Specifically, it would require the conclusion of effective arrangements between oil-importing and producing countries on the size of needed oil exports, on a sustainable level of prices, on the planning and implementation of development programs for producing countries and on many other areas of concern to all the parties involved.

It would also imply that the threat of instability within producing countries and that of intraregional quarrels in the Middle East would be contained and neutralized. Within the Middle East, the Arab-Israeli conflict must be concluded, which in fact means that the autonomy issue and the Palestinian problem must be equitably resolved. But there are many other potentially explosive quarrels affecting the region-such as those centering around Lebanon; or the relationship between Iran, Iraq and other Arab countries; that of South versus North Yemen; the isolation of Egypt within the Arab world; the problems that are posed by the Libyan attitude towards its neighbors; and so on.

Within the various Middle East countries, the modernization of their political systems and of their economies must proceed without upsetting their traditional values. The new Orthodox Muslim movement, as it might be spreading from Iran, might otherwise engulf all those forces in the area that are seeking to achieve reasonable political and economic progress.

If all this were possible, we could probably solve the major problems that are related to the world's long-term dependence on Middle East oil.
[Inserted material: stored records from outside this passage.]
(* Let $u\neq0$, $v$ be parameters and let $\mathrm{e}(y\mathrm{T}_{u^{-1}}\mathbf{D}_{s,t},v)=\sum_{n\ge0}v^{\binom{n}{2}}\frac{y^n}{\{n\}_{s,t}!}(\mathrm{T}_{u^{-1}}\mathbf{D}_{s,t})^n$, acting on the variable $x$. Then (1) for every $\alpha$ (with the convention $\mathbf{D}_{s,t}x^{\beta}=\{\beta\}_{s,t}x^{\beta-1}$ for all exponents $\beta$), as formal series in $y$, $$\mathrm{e}(y\mathrm{T}_{u^{-1}}\mathbf{D}_{s,t},v)\,\big\{u^{\binom{\alpha}{2}}x^{\alpha}\big\}=(x\oplus_{u,v}y)_{s,t}^{(\alpha)};$$ (2) $\mathrm{e}(y\mathrm{T}_{u^{-1}}\mathbf{D}_{s,t},v)\exp_{s,t}(x,u)=\exp_{s,t}(x\oplus_{u,v}y)$, where $\exp_{s,t}(x,u)=\sum_{n\ge0}u^{\binom n2}\frac{x^n}{\{n\}_{s,t}!}$ and $\exp_{s,t}(x\oplus_{u,v}y)=\sum_{n\ge0}\frac{(x\oplus_{u,v}y)^{(n)}_{s,t}}{\{n\}_{s,t}!}$.
   Context: Let $s,t$ be nonzero reals with $s^2+4t\neq0$, $\varphi=\frac{s+\sqrt{s^2+4t}}{2}$, $\varphi'=\frac{s-\sqrt{s^2+4t}}{2}$, and for a complex exponent $\beta$ (fixed branch of powers) $\{\beta\}_{s,t}=\frac{\varphi^\beta-\varphi'^\beta}{\varphi-\varphi'}$; $\{n\}_{s,t}!=\{1\}_{s,t}\cdots\{n\}_{s,t}$, $\{0\}_{s,t}!=1$; $\left\{{\alpha\atop k}\right\}_{s,t}=\frac{\{\alpha\}_{s,t}\{\alpha-1\}_{s,t}\cdots\{\alpha-k+1\}_{s,t}}{\{k\}_{s,t}!}$; $\binom{\beta}{2}=\beta(\beta-1)/2$. $\mathbf{D}_{s,t}$ is the $(s,t)$-derivative, $\mathbf{D}_{s,t}f(x)=\frac{f(\varphi x)-f(\varphi'x)}{(\varphi-\varphi')x}$, and $\mathrm{T}_af(x)=f(ax)$. The deformed binomial series is $(x\oplus_{u,v}y)_{s,t}^{(\alpha)}=\sum_{n\geq0}\left\{{\alpha\atop n}\right\}_{s,t}u^{\binom{\alpha-n}{2}}v^{\binom{n}{2}}x^{\alpha-n}y^n$. *)

From mathcomp Require Import all_boot all_order all_algebra.
From mathcomp Require Import all_classical all_reals all_analysis.
From mathcomp Require Export complex.
Export GRing.Theory Num.Theory.

Set Implicit Arguments.
Unset Strict Implicit.
Unset Printing Implicit Defensive.

Local Open Scope ring_scope.
Local Open Scope complex_scope.

Section Defs.
Variable R : realType.
Local Notation C := R[i].

(* complex exponential and principal logarithm, argument in (-pi, pi] *)
Definition cexp (z : C) : C :=
  (expR (complex.Re z))%:C * ((cos (complex.Im z))%:C + 'i * (sin (complex.Im z))%:C).

Definition cmod (z : C) : R := Num.sqrt (complex.Re z ^+ 2 + complex.Im z ^+ 2).

Definition carg (z : C) : R :=
  if 0 <= complex.Im z then acos (complex.Re z / cmod z)
  else - acos (complex.Re z / cmod z).

Definition cLog (z : C) : C := (ln (cmod z))%:C + 'i * (carg z)%:C.

Definition cpow (z beta : C) : C := if z == 0 then 0 else cexp (beta * cLog z).

Definition cbin2 (beta : C) : C := beta * (beta - 1) / 2%:R.

Definition sqdisc (s t : R) : C :=
  let d := s ^+ 2 + 4%:R * t in
  if 0 <= d then (Num.sqrt d)%:C else 'i * (Num.sqrt (- d))%:C.

Definition phi (s t : R) : C := (s%:C + sqdisc s t) / 2%:R.
Definition phi' (s t : R) : C := (s%:C - sqdisc s t) / 2%:R.

Definition stnum (s t : R) (beta : C) : C :=
  (cpow (phi s t) beta - cpow (phi' s t) beta) / (phi s t - phi' s t).

Definition stfact (s t : R) (n : nat) : C := \prod_(k < n) stnum s t (k.+1)%:R.

Definition stbinom (s t : R) (alpha : C) (k : nat) : C :=
  (\prod_(i < k) stnum s t (alpha - i%:R)) / stfact s t k.

(* A formal (generalized) series in x, sum_delta F(delta) x^delta, is
   represented by its coefficient function F : C -> C (delta ranges over
   all complex exponents).  A formal power series in y with such coefficients
   is a function nat -> (C -> C). *)
Definition xser := C -> C.

Definition mono (c gamma : C) : xser := fun delta => if delta == gamma then c else 0.

Definition Dst (s t : R) (F : xser) : xser :=
  fun delta => stnum s t (delta + 1) * F (delta + 1).

(* T_{u^{-1}} : x^delta |-> (u^{-1} x)^delta = u^{-delta} x^delta *)
Definition Tinv (u : C) (F : xser) : xser := fun delta => cpow u (- delta) * F delta.

(* e(y T_{u^{-1}} D_{s,t}, v) F : the coefficient of y^n is
   v^binom(n,2) / {n}! (T_{u^{-1}} D_{s,t})^n F *)
Definition eop (s t : R) (u v : C) (F : xser) : nat -> xser :=
  fun n delta =>
    v ^+ 'C(n, 2) / stfact s t n * iter n (fun G => Tinv u (Dst s t G)) F delta.

(* (x (+)_{u,v} y)^{(alpha)}_{s,t}: coefficient of y^n *)
Definition defbinom (s t : R) (u v alpha : C) : nat -> xser :=
  fun n => mono (stbinom s t alpha n * cpow u (cbin2 (alpha - n%:R)) * v ^+ 'C(n, 2))
                (alpha - n%:R).

(* sum of a family of scalars in which only finitely many terms are nonzero
   (formal summation of a locally finite family); 0 if not locally finite *)
Definition lfsum (a : nat -> C) : C :=
  match pselect (exists N : nat, forall n, (N <= n)%N -> a n = 0) with
  | left H => \sum_(n < projT1 (cid H)) a n
  | right _ => 0
  end.

Definition expst (s t : R) (u : C) : xser :=
  fun delta => lfsum (fun n => mono (u ^+ 'C(n, 2) / stfact s t n) n%:R delta).

Definition expoplus (s t : R) (u v : C) : nat -> xser :=
  fun m delta => lfsum (fun n => defbinom s t u v n%:R m delta / stfact s t n).

End Defs.

(* Each application of [T_{u^-1} D_{s,t}] lowers the exponent of x by one and
   multiplies the coefficient of x^(b-1) by u^(-(b-1)) {b}_{s,t}.  Applied n times
   to u^binom(a,2) x^a it yields {a}{a-1}...{a-n+1} u^binom(a-n,2) x^(a-n), since
   binom(a,2) - ((a-1) + ... + (a-n)) = binom(a-n,2); this is part (1).  Part (2)
   follows by applying (1) with a = n to each term u^binom(n,2) x^n / {n}! of
   exp_{s,t}(x,u), the operator acting coefficientwise. *)
From mathcomp Require Import all_boot all_order all_algebra.
From mathcomp Require Import all_classical all_reals all_analysis.
From mathcomp Require Import complex.
From mathcomp Require Import ring lra.
Import Order.TTheory GRing.Theory Num.Theory.

Set Implicit Arguments.
Unset Strict Implicit.
Unset Printing Implicit Defensive.

Local Open Scope ring_scope.
Local Open Scope complex_scope.

Section Powers.
Variable R : realType.
Local Notation C := R[i].

Lemma cexpD (a b : C) : cexp a * cexp b = cexp (a + b).
Proof.
case: a => a1 a2; case: b => b1 b2; rewrite /cexp /= expRD cosD sinD.
by apply/eqP; rewrite eq_complex /=; apply/andP; split; apply/eqP; ring.
Qed.

Lemma cexp0 : cexp (0 : C) = 1.
Proof.
rewrite /cexp /= expR0 cos0 sin0.
by apply/eqP; rewrite eq_complex /=; apply/andP; split; apply/eqP; ring.
Qed.

Lemma cmod_sqr (a b : R) : cmod (a +i* b) ^+ 2 = a ^+ 2 + b ^+ 2.
Proof. by rewrite sqr_sqrtr // addr_ge0 ?sqr_ge0. Qed.

Lemma cmod_gt0 (z : C) : z != 0 -> 0 < cmod z.
Proof.
case: z => a b; rewrite eq_complex /= negb_and => nz.
rewrite sqrtr_gt0 -[_ + _]/(a ^+ 2 + b ^+ 2).
have [a0|b0] := orP nz.
  by rewrite ltr_pwDl ?sqr_ge0 // exprn_even_gt0.
by rewrite ltr_pwDr ?sqr_ge0 // exprn_even_gt0.
Qed.

Lemma cLogK (z : C) : z != 0 -> cexp (cLog z) = z.
Proof.
move=> nz; have : 0 < cmod z by exact: cmod_gt0.
case: z nz => a b _; set m := cmod _ => m0.
have m2 : m ^+ 2 = a ^+ 2 + b ^+ 2 by exact: cmod_sqr.
have bnd : -1 <= a / m <= 1.
  have : (a / m) ^+ 2 <= 1.
    by rewrite expr_div_n ler_pdivrMr ?exprn_gt0 // mul1r m2; nra.
  by move=> h; apply/andP; split; nra.
have cA : cos (acos (a / m)) = a / m by case: (acos_def bnd).
have sA : sin (acos (a / m)) = `|b| / m.
  rewrite sin_acos //.
  have -> : 1 - (a / m) ^+ 2 = (b / m) ^+ 2.
    by rewrite !expr_div_n m2; field; rewrite -m2 expf_neq0 // lt0r_neq0.
  by rewrite sqrtr_sqr normrM (gtr0_norm (x := m^-1)) // invr_gt0.
rewrite /cexp /cLog /carg /= !(mul0r, mul1r, subr0, addr0, add0r) lnK ?posrE // -/m.
case: ifP => hb; rewrite ?cosN ?sinN cA sA.
  rewrite ger0_norm //.
  by apply/eqP; rewrite eq_complex /=; apply/andP; split; apply/eqP;
    field; apply/eqP => h; lra.
rewrite ltr0_norm; last by rewrite ltNge hb.
by apply/eqP; rewrite eq_complex /=; apply/andP; split; apply/eqP;
  field; apply/eqP => h; lra.
Qed.

Variable u : C.
Hypothesis u_neq0 : u != 0.

Lemma cpowE (z : C) : cpow u z = cexp (z * cLog u).
Proof. by rewrite /cpow (negbTE u_neq0). Qed.

Lemma cpowD (a b : C) : cpow u a * cpow u b = cpow u (a + b).
Proof. by rewrite !cpowE cexpD mulrDl. Qed.

Lemma cpow_nat n : cpow u n%:R = u ^+ n.
Proof.
elim: n => [|n IH]; first by rewrite cpowE mul0r cexp0.
by rewrite -natr1 -cpowD IH exprSr cpowE mul1r cLogK.
Qed.

End Powers.

Lemma cbin2_nat (R : realType) n : cbin2 (n%:R : R[i]) = 'C(n, 2)%:R.
Proof.
elim: n => [|n IH]; first by rewrite /cbin2 !mul0r.
by rewrite binS bin1 natrD -IH /cbin2 -natr1; field.
Qed.

Lemma cbin2_subr1 (R : realType) (x : R[i]) : cbin2 (x - 1) = cbin2 x - (x - 1).
Proof. by rewrite /cbin2; field. Qed.

Section LocallyFiniteSum.
Variable R : realType.
Local Notation C := R[i].

Lemma lfsum_bound (a : nat -> C) N :
  (forall n, (N <= n)%N -> a n = 0) -> lfsum a = \sum_(n < N) a n.
Proof.
move=> aN; rewrite /lfsum; case: pselect => [H|[]]; last by exists N.
case: (cid H) => M aM /=.
suff sum_cut K L : (forall n, (K <= n)%N -> a n = 0) -> (K <= L)%N ->
    \sum_(n < L) a n = \sum_(n < K) a n.
  have [NM|/ltnW MN] := leqP N M; first by rewrite (sum_cut N M).
  by rewrite (sum_cut M N).
move=> aK KL; rewrite -!(big_mkord xpredT) (big_cat_nat (leq0n K) KL) /=.
by rewrite [X in _ + X]big1_seq ?addr0 // => n /andP[_]; rewrite mem_index_iota => /andP[/aK].
Qed.

Lemma lfsum_not_finite (a : nat -> C) :
  ~ (exists N, forall n, (N <= n)%N -> a n = 0) -> lfsum a = 0.
Proof. by move=> nfin; rewrite /lfsum; case: pselect. Qed.

Lemma lfsumZ (c : C) (a : nat -> C) : lfsum (fun n => c * a n) = c * lfsum a.
Proof.
case: (pselect (exists N, forall n, (N <= n)%N -> a n = 0)) => [[N aN]|nfin].
  rewrite (lfsum_bound aN) (@lfsum_bound _ N) ?mulr_sumr // => n /aN ->.
  by rewrite mulr0.
rewrite (lfsum_not_finite nfin) mulr0.
have [->|c0] := eqVneq c 0.
  by rewrite (@lfsum_bound _ 0) ?big_ord0 // => n _; rewrite mul0r.
apply: lfsum_not_finite => -[N caN]; apply: nfin; exists N => n /caN /eqP.
by rewrite mulf_eq0 (negbTE c0) => /eqP.
Qed.

End LocallyFiniteSum.

Section Operator.
Variable R : realType.
Local Notation C := R[i].
Variables (s t : R) (u v : C).

(* The scalar by which [(T_{u^-1} D_{s,t})^m] multiplies the coefficient of
   x^(d + m) when moving it to x^d. *)
Definition TDprod (m : nat) (d : C) : C :=
  \prod_(i < m) (cpow u (- (d + i%:R)) * stnum s t (d + i%:R + 1)).

Lemma TDprod_recl m d :
  TDprod m.+1 d = cpow u (- d) * stnum s t (d + 1) * TDprod m (d + 1).
Proof.
rewrite /TDprod big_ord_recl /= addr0; congr (_ * _).
apply: eq_bigr => i _; rewrite /bump /= add1n -natr1.
by congr (cpow u _ * stnum s t _); ring.
Qed.

Lemma iter_TinvDst m F d :
  iter m (fun G => Tinv u (Dst s t G)) F d = TDprod m d * F (d + m%:R).
Proof.
elim: m d => [|m IH] d; first by rewrite /TDprod big_ord0 mul1r addr0.
rewrite iterS /Tinv /Dst IH TDprod_recl -natr1 !mulrA.
by congr (_ * F _); ring.
Qed.

Lemma eopE F m d :
  eop s t u v F m d = v ^+ 'C(m, 2) / stfact s t m * TDprod m d * F (d + m%:R).
Proof. by rewrite /eop iter_TinvDst mulrA. Qed.

Hypothesis u_neq0 : u != 0.

Lemma TDprod_cpow_cbin2 m (alpha : C) :
  TDprod m (alpha - m%:R) * cpow u (cbin2 alpha) =
  (\prod_(i < m) stnum s t (alpha - i%:R)) * cpow u (cbin2 (alpha - m%:R)).
Proof.
elim: m => [|m IH]; first by rewrite /TDprod !big_ord0 subr0.
have -> : alpha - m.+1%:R = alpha - m%:R - 1 by rewrite -natr1; ring.
rewrite TDprod_recl subrK -mulrA IH big_ord_recr /= cbin2_subr1 -cpowD //.
by ring.
Qed.

Lemma eop_mono_cbin2 alpha :
  eop s t u v (mono (cpow u (cbin2 alpha)) alpha) = defbinom s t u v alpha.
Proof.
apply: funext => m; apply: funext => d; rewrite eopE /defbinom /mono.
have [->|ne] := eqVneq d (alpha - m%:R).
  by rewrite subrK eqxx -mulrA TDprod_cpow_cbin2 /stbinom; ring.
rewrite ifN ?mulr0 //; apply: contra ne => /eqP <-.
by rewrite addrK.
Qed.

Lemma eop_expst : eop s t u v (expst s t u) = expoplus s t u v.
Proof.
apply: funext => m; apply: funext => d.
rewrite /expoplus eopE /expst -lfsumZ.
apply: congr1; apply: funext => n.
rewrite -(eop_mono_cbin2 n%:R) eopE cbin2_nat (cpow_nat u_neq0) /mono.
by case: ifP => _; rewrite ?mulr0 ?mul0r //; ring.
Qed.

End Operator.

Theorem mainTheorem5 (R : realType) (s t : R) (u v : R[i]) :
  s != 0 -> t != 0 -> s ^+ 2 + 4%:R * t != 0 -> u != 0 ->
  (forall alpha : R[i],
     eop s t u v (mono (cpow u (cbin2 alpha)) alpha) = defbinom s t u v alpha)
  /\ eop s t u v (expst s t u) = expoplus s t u v.
Proof.
move=> _ _ _ u_neq0; split; first exact: eop_mono_cbin2.
exact: eop_expst.
Qed.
However, this kind of scenario does not reflect the world as it is now and is likely to be in the future; and we have not much reason to hope that the various producing countries, the importing countries, and the superpowers will ever agree on such a rational course of conduct- especially as the immediate dependence of the Soviet Union on Middle East oil is less than that of the United States and of most other Western nations.

Instead, we will probably be confronted by a series of major oil crises which might take any or all of several forms: fighting for control over oil resources among importing countries or between the superpowers; an economic-financial crisis in importing countries; regional conflicts affecting the oil-producing area; or internal revolutions or other upheavals in the Middle East. At best, it would appear that a series of future emergencies centering around oil will set back world progress for many, many years. And the world, as we know it now, will probably not be able to maintain its cohesion, nor be able to provide for the continued economic progress of its people against the onslaught of future oil shocks-with all that this might imply for the political stability of the West, its free institutions, and its internal and external security.

1 See Walter J. Levy, "A Warning to the Oil-Importing Nations," Fortune, May 21, 1979, p. 48.